As a former engineer, Vivek's early approach to the problem was overly technical. He designed a complex pricing model based on square pixels—the more screen real estate a visual element consumed, the more customers would pay. Looking back, he calls this "a dumb idea." The breakthrough came from studying adjacent markets. Email service providers had already established a pricing convention around CPM (cost per thousand), so Vivek adapted this model but optimized it for Movable's unique value proposition: they'd price based on CPM per email *open*, not per send. This single insight—tying price to actual engagement rather than blast volume—became the foundation for the company's land-and-expand motion.
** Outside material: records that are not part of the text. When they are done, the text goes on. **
(* Let $k$ be a field of characteristic $p>0$. Then the $k$-algebra $$\Lambda=kQ/\big(\beta^{6p+1},\ \alpha\gamma,\ \alpha(\beta+\beta^2)\gamma,\ \alpha\beta^{2p+1}\gamma\big)$$ (which equals $kQ/I(6p+1;6p+1,6p+1;V)$ with $V=(\beta^{6p+1})+k\cdot1+k(\beta+\beta^2)+k\beta^{2p+1}$) has ordinary quiver $Q$, containing the loop $\beta$, and satisfies $\mathrm{HH}^1(\Lambda)=0$.
   Context: $Q$ is the quiver with vertices $1,2,3$ and arrows $\alpha\colon 2\to1$, $\beta\colon 2\to 2$, $\gamma\colon 3\to 2$; $kQ$ is generated by pairwise orthogonal idempotents $e_1,e_2,e_3$ (sum $1$) and $\alpha,\beta,\gamma$ with $e_1\alpha=\alpha=\alpha e_2$, $e_2\beta=\beta=\beta e_2$, $e_3\gamma=\gamma=\gamma e_2$, $\gamma\alpha=\beta\alpha=\gamma\beta=0$; for $v=\sum_iv_i\beta^i\in k[\beta]$, $\alpha v\gamma=\sum_iv_i\alpha\beta^i\gamma$. $I(n;n,n;V)$ is the two-sided ideal generated by $\alpha\beta^n$, $\beta^n$, $\beta^n\gamma$ and all $\alpha v\gamma$, $v\in V$; the displayed ideal is the two-sided ideal generated by the listed elements. $\mathrm{HH}^1(\Lambda)=\mathrm{Der}_k(\Lambda,\Lambda)/\mathrm{Inn}(\Lambda)$. *)

From HB Require Import structures.
From mathcomp Require Import all_boot all_order all_algebra.
Unset Printing Implicit Defensive.
Import Order.TTheory GRing.Theory Num.Theory.
Local Open Scope ring_scope.

(* Model of the path algebra kQ: Q has vertices 1,2,3 and arrows
   alpha : 2 -> 1, beta : 2 -> 2 (loop), gamma : 3 -> 2.
   Paths are composed right-to-left (e1 alpha = alpha = alpha e2,
   e2 gamma = gamma = gamma e3).  kQ is realised through its faithful
   representation in 3x3 matrices over k[x]: entry (j,i) of an element
   x is e_j x e_i, a k-combination of paths i -> j, where beta^n is
   recorded as x^n.  Indices 'I_3 = {0,1,2} correspond to vertices 1,2,3. *)

Definition Mx (k : fieldType) := 'M[{poly k}]_3.

Definition v1 : 'I_3 := @Ordinal 3 0 isT.
Definition v2 : 'I_3 := @Ordinal 3 1 isT.
Definition v3 : 'I_3 := @Ordinal 3 2 isT.

(* the image of kQ: e1 kQ e1 = k e1, e2 kQ e2 = k[beta], e3 kQ e3 = k e3,
   e1 kQ e2 = alpha k[beta], e2 kQ e3 = k[beta] gamma,
   e1 kQ e3 = alpha k[beta] gamma, all other e_j kQ e_i = 0. *)
Definition in_kQ (k : fieldType) (A : Mx k) : Prop :=
  (forall i j : 'I_3, (j < i)%N -> A i j = 0) /\
  (size (A v1 v1) <= 1)%N /\ (size (A v3 v3) <= 1)%N.
Arguments in_kQ {k}.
Vivek pursued an enterprise-focused sales strategy, targeting large consumer brands directly. His pitch was straightforward: start with one or two compelling use cases in the first three months, nail them, then expand across the entire email program. This approach meant Movable Inc didn't need to capture a brand's entire email spend at first—they could land small and grow. The strategy worked. By 2024, the company counted 500 customers including Starbucks, Nike, Hilton, The Gap, and American Express. Customers ranged from $30,000/year for standard enterprise deals to several million dollars annually for heavy users. The expansion engine was so strong that the company achieved 110% net revenue retention annually.
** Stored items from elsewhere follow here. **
(* The transfinite sequence $\langle (T_\alpha,P_\alpha)\rangle_{\alpha\in\mathrm{On}}$ defined by $(T_0,P_0)=((\emptyset,\emptyset),(\emptyset,\emptyset))$, $(T_{\beta+1},P_{\beta+1})=\Gamma_{\mathscr{TP}}(T_\beta,P_\beta)$ and $(T_\lambda,P_\lambda)=\bigcup_{\beta<\lambda}(T_\beta,P_\beta)$ for limit $\lambda$ reaches a fixed point, i.e. a pair $(T_\infty,P_\infty)$ in the sequence with $\Gamma_{\mathscr{TP}}(T_\infty,P_\infty)=(T_\infty,P_\infty)$; moreover $(T_\infty,P_\infty)$ is the least fixed point of $\Gamma_{\mathscr{TP}}$ with respect to the componentwise inclusion order.
   Context: Language. Let $\mathcal L_{\mathbb N}$ be the language of first-order Peano arithmetic and $\mathcal L=\mathcal L_{\mathbb N}\cup\{\mathrm T,\mathrm P\}$ with unary predicates $\mathrm T,\mathrm P$. $\mathcal L$-formulas are in Tait style: literals are $s=t$, $s\neq t$, $\mathrm Tt$, $\neg\mathrm Tt$, $\mathrm Pt$, $\neg\mathrm Pt$; formulas are built from literals by $\wedge,\vee,\forall,\exists$; negation of an arbitrary formula is defined by De Morgan dualities with $\neg\neg\varphi:=\varphi$. A standard Gödel numbering is fixed; $\#e$ is the code of $e$, $\ulcorner e\urcorner$ the numeral of $\#e$, $\mathrm{val}(t)$ the value of a closed term $t$, $\dot\neg$ the primitive recursive function with $\dot\neg(\#\varphi)=\#\neg\varphi$; $\mathrm T\varphi,\mathrm P\varphi$ abbreviate $\mathrm T\ulcorner\varphi\urcorner,\mathrm P\ulcorner\varphi\urcorner$. Semantics. A partial model is $(\mathbb N,T,P)$ with $\mathbb N$ the standard model and $T=(T^+,T^-)$, $P=(P^+,P^-)$ pairs of subsets of $\omega$. Strong Kleene satisfaction $\models_{SK}$: arithmetic literals evaluated in $\mathbb N$; $\mathrm Tt$ satisfied iff $\mathrm{val}(t)\in T^+$, $\neg\mathrm Tt$ iff $\mathrm{val}(t)\in T^-$, likewise for $\mathrm P$ with $P^\pm$; conjunction iff both, disjunction iff at least one, $\forall x\varphi(x)$ iff all numeral instances, $\exists x\varphi(x)$ iff some numeral instance. Base paradoxicality. $\mathrm{PA}[\mathrm{SK}]$ is the two-sided sequent calculus for Strong Kleene logic with identity in $\mathcal L$ (initial sequents $\varphi\Rightarrow\varphi$, cut, weakening, the rule from $\Gamma\Rightarrow\Delta,\varphi$ infer $\neg\varphi,\Gamma\Rightarrow\Delta$, usual rules for $\wedge,\vee,\forall,\exists$, reflexivity $\Rightarrow t=t$, replacement from $\Gamma\Rightarrow\Delta,\varphi(t)$ infer $\Gamma\Rightarrow\Delta,s\neq t,\varphi(s)$) plus the initial sequents of Peano arithmetic and the induction rule for all $\mathcal L$-formulas. A sentence $\varphi$ is base paradoxical iff $\mathrm{PA}[\mathrm{SK}]$ derives $\varphi\Leftrightarrow\neg\mathrm T\varphi$ and $\neg\varphi\Leftrightarrow\mathrm T\varphi$ (where $\Leftrightarrow$ denotes derivability of both sequents). $B(x)$ is an $\mathcal L_{\mathbb N}$-formula defining in $\mathbb N$ the set of codes of base paradoxical sentences, and $\Pi(x):=B(x)\vee B(\dot\neg x)$. Jump. Let $\mathscr P(x)$ be the $\mathcal L$-formula which is the disjunction of: (1) $x$ codes a sentence and $\Pi(x)$; (2) $x$ codes a sentence $\mathrm Tt$ ($t$ a closed term) and $\mathrm P(\mathrm{val}(t))$; (3) $x$ codes a sentence $\neg\mathrm Tt$ and $\mathrm P(\mathrm{val}(t))$; (4) $x$ codes a sentence $\psi\wedge\theta$ and $(\mathrm P\psi\wedge\mathrm P\theta)\vee(\mathrm T\psi\wedge\mathrm P\theta)\vee(\mathrm T\theta\wedge\mathrm P\psi)$; (5) $x$ codes a sentence $\psi\vee\theta$ and $(\mathrm P\psi\wedge\mathrm P\theta)\vee(\neg\mathrm T\psi\wedge\mathrm P\theta)\vee(\neg\mathrm T\theta\wedge\mathrm P\psi)$; (6) $x$ codes a sentence $\forall v\psi$ and $\exists y\,\mathrm P\psi(\dot y)\wedge\forall y(\mathrm P\psi(\dot y)\vee\mathrm T\psi(\dot y))$; (7) $x$ codes a sentence $\exists v\psi$ and $\exists y\,\mathrm P\psi(\dot y)\wedge\forall y(\mathrm P\psi(\dot y)\vee\neg\mathrm T\psi(\dot y))$; here $\psi(\dot y)$ is the code of the result of substituting the numeral of $y$ for $v$. Write $\mathscr P(\varphi)$ for $\mathscr P(\ulcorner\varphi\urcorner)$. Define $\Gamma_{\mathscr{TP}}(T,P)=\big((\{\#\varphi:(\mathbb N,T,P)\models_{SK}\varphi\},\{\#\varphi:(\mathbb N,T,P)\models_{SK}\neg\varphi\}),(\{\#\varphi:(\mathbb N,T,P)\models_{SK}\mathscr P(\varphi)\},\{\#\varphi:(\mathbb N,T,P)\models_{SK}\varphi\vee\neg\varphi\})\big)$, $\varphi$ ranging over $\mathcal L$-sentences. Order: $(X,Y)\le(X',Y')$ iff $X\subseteq X'$ and $Y\subseteq Y'$; $(T,P)\le(T',P')$ iff $T\le T'$ and $P\le P'$; unions are componentwise. *)

From mathcomp Require Import all_boot.
From Stdlib Require List.
Set Implicit Arguments. Unset Strict Implicit. Unset Printing Implicit Defensive.

Inductive term : Type :=
| tVar (n : nat) | tZero | tSucc (t : term) | tAdd (s t : term) | tMul (s t : term).

Inductive form : Type :=
| fEq (s t : term) | fNeq (s t : term)
| fT (t : term) | fNT (t : term)
| fP (t : term) | fNP (t : term)
| fAnd (a b : form) | fOr (a b : form)
| fAll (v : nat) (a : form) | fEx (v : nat) (a : form).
The biggest success was nailing unit economics and disciplined capital deployment. Despite reaching $40M ARR, Movable Inc had raised only $14M in venture capital—far less than typical SaaS companies at this scale (many raise $80-90M). This forced Vivek to build a "BMW engine, not a Mustang Cobra"—refined and efficient rather than loud and power-hungry. The company achieved payback periods under 12 months and LTV:CAC ratios exceeding 5X. Their gross churn remained in line with enterprise SaaS benchmarks, but the land-and-expand model—powered by a clear, usage-based pricing axis tied to email opens—generated negative churn at scale.
What didn't work early on was over-engineering the pricing model. Vivek spent years debating different axes before settling on CPM per email open as the primary lever, with volume discounts providing a secondary expansion path.
As of the podcast recording, Movable Inc was growing 50-100% year over year with 250 employees spread across New York City (180), San Francisco (30), London (25-30), Japan, Australia, and Costa Rica. The company had just added $5M in capital from existing investors alongside a revenue-based facility from Silicon Valley Bank, building a war chest to weather potential economic downturns while remaining profitable-adjacent. Vivek noted the business was still at an early stage of realizing its potential, with new product announcements coming in the following weeks and international expansion accelerating. He had fielded acquisition interest but rejected it, believing the company's best years were ahead.